La prima è quella in cui sono centrali l’apprendimento dei contenuti descritti nei Programmi ministeriali e la valutazione delle conoscenze che tali contenuti implicano. Con l’avvio della scuola cosiddetta “di massa”, nel primo ciclo di istruzione l’attenzione viene spostata alle abilità, cioè all’utilizzo delle conoscenze acquisite; la valutazione decimale era assolutamente inadatta a valutare tali abilità, per cui venne sostituita con la cosiddetta valutazione di criterio. Va sottolineato, però, che tale innovazione non ha interessato il secondo ciclo se non in casi di sperimentazioni avanzate. Con il Terzo millennio, e con tutto ciò che si è verificato nel mondo delle conoscenze, della ricerca, del lavoro, con la necessità di doverci misurare con altri sistemi di istruzione più avanzati del nostro e con quanto ci chiede e attende l’UE, si è compiuto (o meglio, si dovrebbe effettivamente compiere) un nuovo passaggio: l’acquisizione di competenze, che il soggetto spenderà negli studi ulteriori, nel mondo della cultura, delle professioni e del lavoro, nonché nelle interazioni con altri soggetti. Si tratta di un passaggio veramente epocale, anche perché, per quanto concerne la valutazione, né quella decimale né quella di criterio sono adeguate. Una competenza c’è o non c’è e, se si accerta, si certifica.

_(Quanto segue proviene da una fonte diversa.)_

Lemma state_at0 : closed_DC D Gamma -> state_at 0 = Gamma.
Proof.
move=> HG; apply/eqP; rewrite eqEsubset; apply/andP; split; last first.
  by apply/subsetP => l Hl; apply/state_atP; apply: (closed_init M_closed Hl).
apply/subsetP => l /state_atP Ml; apply: contrapT => /negP Nl.
apply: (answer_set_unfounded HM (R := holds_outside 0 Gamma) _ Ml); last by exists l.
move=> h pos neg [/Pi_rule_In Hr _] Hb [l' Eh Nl']; subst h; move: Hr Hb Nl'.
move E: (Some (Holds A l' 0), pos, neg) => r Hr.
case: Hr E => // [l0 Hl0 [-> _ _] _|t0 P l0 _ Hc [-> <- -> _] Hb] /negP; apply => //.
exact: (closed_DC_hs HG Hc Hb).
Qed.

Lemma answer_set_goal : {subset Delta <= state_at n}.
Proof.
have MGoal : M Goal.
  apply: contrapT => NGoal; case: HM => _ _ Hcons.
  apply: (Hcons [::] [:: Goal]) => //; split.
    by apply: In_Pi_rule; apply: Rule_goal_constraint.
  by move=> c [<-|].
case/M_supported: MGoal => pos [neg []]; move E: (Some Goal, pos, neg) => r Hr.
case: Hr E => // -[-> _] _ Hb p Hp; apply/state_atP; apply: Hb.
by apply/In_hs; exists p.
Qed.

Lemma answer_set_prefix j : state D Gamma -> j <= n ->
  exists acts, [/\ size acts <= j,
    forall i a, onth acts i = Some a -> M (Occ F a i),
    reach D Gamma acts (state_at (size acts)),
    state_at j = state_at (size acts) &
    size acts < j -> forall a, ~ executable D a (state_at (size acts))].
Proof.
move=> HG; elim: j => [_|j IH Hj].
  exists [::]; split=> // [i a|]; first by rewrite onth0n.
  by rewrite /= state_at0 //; case: HG.
have Hjn : j < n := Hj.
have [acts [Hkj Hocc Hr Ejk Hstuck]] := IH (ltnW Hj).
have Hsj : state D (state_at j) by rewrite Ejk; apply: reach_state HG Hr.
have [[b Hb]|Hnone] := pselect (exists b, M (Occ F b j)).
- have Ekj : size acts = j.
    apply/eqP; rewrite eqn_leq Hkj leqNgt; apply/negP => Hkj'.
    have [a Hex] := (occurs_iff_executable (ltnW Hjn)).1 (ex_intro _ b Hb).
    by apply: (Hstuck Hkj' a); rewrite -Ejk.
  exists (rcons acts b); rewrite size_rcons Ekj; split=> //.
  + move=> i a; rewrite -cats1 onth_cat Ekj; case: ltnP => [_ /Hocc //|Hji].
    by case/onth1P => Ei <-; rewrite -(subnK Hji) Ei.
  + by apply/reach_rcons; exists (state_at j); [rewrite -Ekj | apply: state_at_Phi].
  + by rewrite ltnn.
- have Hframe : state_at j.+1 = state_at j.
    by apply: state_at_frame => // a Ha; apply: Hnone; exists a.
  exists acts; split=> //; first exact: leqW.
    by rewrite Hframe.
  move=> _ a Hex; apply: Hnone.
  by apply/(occurs_iff_executable (ltnW Hjn)); exists a; rewrite Ejk.
Qed.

In tale scenario dovrebbe entrare in gioco, da parte del collettivo degli insegnanti, tutta un’attenta attività di osservazione continua, stimolo, rinforzo, che conduce alla certificazione finale. È necessario considerare che un cambiamento di rotta così radicale richiede una innovazione profonda del complessivo Sistema educativo nazionale di istruzione e formazione, innovazione che la “riforma epocale” della Gelmini non può affatto garantire.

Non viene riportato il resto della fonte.